> [Work item]:
A complete answer lists every line of the entries below where the string "dotN" appears.

══ Data records ══

(* Consider a switched network with data $(N,\mathcal S,R,f)$ satisfying the standing assumptions, running MW-$f$, with random finite initial queue size $Q(0)$ and an arrival process $A$ with stationary increments, well-defined mean arrival rate $\lambda$ ($\lambda_n=\lim_{\tau\to\infty}A_n(\tau)/\tau$ a.s., deterministic), and deviation terms $\delta_r\to0$ with $\mathbb P(\sup_{\tau\le r}\frac1r|A(\tau)-\lambda\tau|\ge\delta_r)\to0$ as $r\to\infty$. For $r\in\mathbb N$ and fixed $T>0$ let $\bar x^r(t)=(Q(rt),A(rt),Y(rt),S(rt))/r$, $t\in[0,T]$. Then for every $\delta>0$, $\mathbb P\big(d(\bar x^r(\cdot),\mathrm{FMS}(0))<\delta\big)\to1$ as $r\to\infty$.
   Context: Norms: $|x|=\max_i|x_i|$; for $g,h$ continuous on $[0,T]$, $d(g,h)=\sup_{t\in[0,T]}|g(t)-h(t)|$, and $d(g,\mathcal E)=\inf_{h\in\mathcal E}d(g,h)$. Switched network: $N$ queues; finite $\mathcal S\subset\mathbb R_+^N$; routing matrix $R\in\{0,1\}^{N\times N}$, at most one 1 per row, acyclic; $R=0$ single-hop. Discrete-time dynamics $\tau\in\{0,1,\dots\}$: $A(0)=B(0)=Y(0)=0$; $dB(\tau)=B(\tau+1)-B(\tau)\in\mathcal S$; $Y(\tau+1)-Y(\tau)=[dB(\tau)-Q(\tau)]^+$; $S_\pi(\tau)=\#\{\tau'<\tau:dB(\tau')=\pi\}$; $Q(\tau)=Q(0)+A(\tau)-(I-R^T)(B(\tau)-Y(\tau))$; processes extended to real time by linear interpolation. MW-$f$: $dB(\tau)\in\arg\max_{\pi\in\mathcal S}\pi\cdot(I-R)f(Q(\tau))$. Standing assumptions: $f:\mathbb R_+\to\mathbb R_+$ differentiable, strictly increasing, $f(0)=0$, and maximizers of $\rho\mapsto\rho\cdot(I-R)f(q)$ over $\mathcal S$ remain maximizers of $\rho\mapsto\rho\cdot(I-R)f(\kappa q)$ for all $\kappa\ge0$; in the multi-hop case, $\pi\in\mathcal S$ and $\rho_n\in\{0,\pi_n\}\ \forall n$ imply $\rho\in\mathcal S$. Fluid model solution with arrival rate $\lambda$ on $[0,T]$: $x=(q,a,y,s)$, $q,a,y:[0,T]\to\mathbb R_+^N$, $s=(s_\pi)_{\pi\in\mathcal S}$ nonnegative, all absolutely continuous, with $q(t)=q(0)+\lambda t-(I-R^T)(\sum_\pi s_\pi(t)\pi-y(t))$, $a(t)=\lambda t$, $\sum_\pi s_\pi(t)=t$, $y(t)\le\sum_\pi s_\pi(t)\pi$, $s_\pi,y_n$ nondecreasing, and at differentiability times $\dot y_n(t)=0$ when $q_n(t)>0$ and $\dot s_\pi(t)=0$ when $\pi\cdot(I-R)f(q(t))<\max_\rho\rho\cdot(I-R)f(q(t))$. $\mathrm{FMS}(0)$ is the set of such solutions with $q(0)=0$. *)

From Stdlib Require Import Reals ZArith.
Open Scope R_scope.

(** * Finite sums, vectors indexed by nat (only coordinates < N matter) *)
Fixpoint rsum (n : nat) (g : nat -> R) : R :=
  match n with O => 0 | S m => rsum m g + g m end.

Definition dotN (N : nat) (u v : nat -> R) : R := rsum N (fun n => u n * v n).

Definition IminusR (N : nat) (Rm : nat -> nat -> R) (v : nat -> R) : nat -> R :=
  fun n => v n - rsum N (fun m => Rm n m * v m).
Definition IminusRT (N : nat) (Rm : nat -> nat -> R) (v : nat -> R) : nat -> R :=
  fun n => v n - rsum N (fun m => Rm m n * v m).

Definition weight (N : nat) (Rm : nat -> nat -> R) (f : R -> R) (q : nat -> R) : nat -> R :=
  IminusR N Rm (fun n => f (q n)).

(** Schedule set S = { sched k | k < K }, schedules given by index. *)
Definition schedule_set (N K : nat) (sched : nat -> nat -> R) : Prop :=
  (forall k n, (k < K)%nat -> (n < N)%nat -> 0 <= sched k n) /\
  (forall k k', (k < K)%nat -> (k' < K)%nat -> k <> k' ->
     exists n, (n < N)%nat /\ sched k n <> sched k' n).

Definition in_sched (N K : nat) (sched : nat -> nat -> R) (rho : nat -> R) : Prop :=
  exists k, (k < K)%nat /\ forall n, (n < N)%nat -> sched k n = rho n.

Definition is_maximizer (N K : nat) (sched : nat -> nat -> R) (Rm : nat -> nat -> R)
  (f : R -> R) (q : nat -> R) (k : nat) : Prop :=
  (k < K)%nat /\
  forall k', (k' < K)%nat ->
    dotN N (sched k') (weight N Rm f q) <= dotN N (sched k) (weight N Rm f q).

Definition routing_acyclic (N : nat) (Rm : nat -> nat -> R) : Prop :=
  ~ exists (len : nat) (p : nat -> nat),
      (0 < len)%nat /\
      (forall m, (m < len)%nat -> (p m < N)%nat /\ Rm (p m) (p (S m)) = 1) /\
      p len = p O.

Definition routing_matrix (N : nat) (Rm : nat -> nat -> R) : Prop :=
  (forall i j, (i < N)%nat -> (j < N)%nat -> Rm i j = 0 \/ Rm i j = 1) /\
  (forall i j j', (i < N)%nat -> (j < N)%nat -> (j' < N)%nat ->
      Rm i j = 1 -> Rm i j' = 1 -> j = j') /\
  routing_acyclic N Rm.

Definition single_hop (N : nat) (Rm : nat -> nat -> R) : Prop :=
  forall i j, (i < N)%nat -> (j < N)%nat -> Rm i j = 0.

Definition f_standing (f : R -> R) : Prop :=
  (* differentiable on R_+ (one-sided at 0) *)
  (forall x, 0 < x -> exists l, derivable_pt_lim f x l) /\
  (exists l, limit1_in (fun h => (f h - f 0) / h) (fun h => 0 < h) l 0) /\
  (forall x y, 0 <= x -> x < y -> f x < f y) /\
  f 0 = 0.

Definition scale_invariance (N K : nat) (sched : nat -> nat -> R) (Rm : nat -> nat -> R)
  (f : R -> R) : Prop :=
  forall (q : nat -> R) k, (forall n, (n < N)%nat -> 0 <= q n) ->
    is_maximizer N K sched Rm f q k ->
    forall kappa, 0 <= kappa -> is_maximizer N K sched Rm f (fun n => kappa * q n) k.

═══

> [Your response]:
Definition dotN (N : nat) (u v : nat -> R) : R := rsum N (fun n => u n * v n).
    dotN N (sched k') (weight N Rm f q) <= dotN N (sched k) (weight N Rm f q).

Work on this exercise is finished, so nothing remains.